Denn am Freitag dieser Woche findet dort die Vorverhandlung im sogenannten großen Anarchisten-Prozess statt. Es geht um die Ausschreitungen am Brenner am 7. Mai 2016, wo gegen die Pläne der österreichischen Regierung zur Schließung des Passes demonstriert wurde. Gegen mehrere Dutzend Teilnehmer läuft am Landesgericht ein Hauptverfahren wegen leichterer Delikte.

63 Teilnehmern wirft die Staatsanwaltschaft schwere Straftaten wie Verwüstung und Plünderung (mit einem Strafrahmen von fünf bis 15 Jahren Haft), Körperverletzung, Widerstand gegen Amtspersonen, Verstoß gegen das Vermummungsverbot, Sachbeschädigung (auch die Uhr am Kirchturm am Brenner ist davon betroffen) und Nötigung (eines Kameramanns) vor. Die Anklage umfasst nicht weniger als 59 Punkte, als geschädigte Parteien scheint das Innenministerium, 17 verletzte Polizisten, die Gemeinde Brenner, RFI und die Autobahn A22 auf.

Neun der Beschuldigten sitzen derzeit wegen anderer Vorwürfe in U-Haft, zum Teil in Hochsicherheitsgefängnissen in Tolmezzo oder L`Aquila. Fünf von ihnen wurden im Februar im Rahmen einer großen Polizeioperation gegen die Trentiner Anarchisten-Szene verhaftet. Ihnen wird sogar vorgeworfen, eine Vereinigung zum Zwecke des Aufruhrs gegen die demokratische Ordnung gebildet und im Trentino auf Bahnlinien, Fernmelde-Umsetzer und das Lega-Parteibüro in Ala Anschläge verübt zu haben.

Weil ein Transport dieser Tatverdächtigen nach Bozen sicherheitstechnisch zu aufwändig wäre, wird für Freitag die Möglichkeit geschaffen, dass sie per Videokonferenz an der Verhandlung teilnehmen.

Der Trentiner Anwalt Giampiero Mattei, bekannt als Verteidiger von Peter Paul Rainer im Mordfall Christian Waldner, vertritt rund die Hälfte der beschuldigten Anarchisten. Und hat offenbar eine klare Strategie vor Augen: Ein verkürztes Verfahren, das ein relativ rasches Urteil mit einem Drittel Strafnachlass mit sich bringt.
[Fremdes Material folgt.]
Lemma continuous_Rmax0 z : continuous (Rmax 0) z.
Proof.
  apply filterlim_locally. intros eps. exists eps. intros s Hs.
  change (Rabs (s - z) < eps) in Hs. change (Rabs (Rmax 0 s - Rmax 0 z) < eps).
  apply Rabs_def2 in Hs. apply Rabs_def1; unfold Rmax;
    destruct (Rle_dec 0 s), (Rle_dec 0 z); lra.
Qed.

Lemma Rbar_lt_Rmax0 (T : Rbar) (s : R) : Rbar_lt 0 T -> Rbar_lt s T -> Rbar_lt (Rmax 0 s) T.
Proof. intros H0 Hs. now apply (Rmax_case 0 s (fun x => Rbar_lt x T)). Qed.

(* Coquelicot's fundamental theorem of calculus needs two-sided continuity at t, also at
   t = 0, so h is extended to the left of 0 by the constant h 0. *)
Section IntegralOnInterval.
Variables (T : Rbar) (h : R -> R).
Hypothesis h_cont : continuous_in T h.

Lemma continuous_clamp (z : R) : Rbar_lt 0 T -> Rbar_lt z T -> continuous (fun s => h (Rmax 0 s)) z.
Proof.
  intros HT Hz P HP.
  assert (Hh : locally (Rmax 0 z) (fun s => inI T s -> P (h s))).
  { assert (Hz0 : inI T (Rmax 0 z)) by (split; [apply Rmax_l | now apply Rbar_lt_Rmax0]).
    assert (W := h_cont _ Hz0 P HP). unfold filtermap, near_in, within in W.
    revert W. apply filter_imp. intros s Hs Is.
    destruct (Req_dec s (Rmax 0 z)) as [->|Hne].
    - exact (locally_singleton _ _ HP).
    - exact (Hs (conj Is Hne)). }
  assert (Hm : locally z (fun s => inI T (Rmax 0 s) -> P (h (Rmax 0 s))))
    by exact (continuous_Rmax0 z _ Hh).
  assert (HzT : locally z (fun s => Rbar_lt s T)) by exact (open_Rbar_lt' z T Hz).
  unfold filtermap. generalize (filter_and _ _ Hm HzT). apply filter_imp. intros s [H Hs]. apply H.
  split; [apply Rmax_l | now apply Rbar_lt_Rmax0].
Qed.

Lemma ex_RInt_clamp (u : R) : Rbar_lt 0 T -> Rbar_lt u T -> ex_RInt (fun s => h (Rmax 0 s)) 0 u.
Proof.
  intros HT Hu. apply (ex_RInt_continuous (V := R_CompleteNormedModule)).
  intros z [_ Hz]. apply continuous_clamp; [exact HT|].
  apply (Rbar_le_lt_trans _ (Rmax 0 u)); [exact Hz | now apply Rbar_lt_Rmax0].
Qed.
Und zwar deshalb, weil die Beweislage ziemlich eindeutig scheint. Das von der Staatsanwaltschaft gesammelte Beweismaterial ist rund einen Meter dick. „Wir haben keine Zeugen, die meine Mandanten entlasten könnten, da hat es wenig Sinn, in ein Hauptverfahren zu gehen“, räumt Mattei ein. Richter Walter Pelino würde dann aufgrund des vorliegenden Verfahrensakts sein Urteil fällen.

Bereits jetzt steht fest, dass dies nicht am Freitag geschieht. Es kommt zu einer Vertagung, um allen Beschuldigten die Möglichkeit einzuräumen, den Verfahrensritus zu wählen. Die Sicherheitsvorkehrungen am Landesgericht werden garantiert groß sein.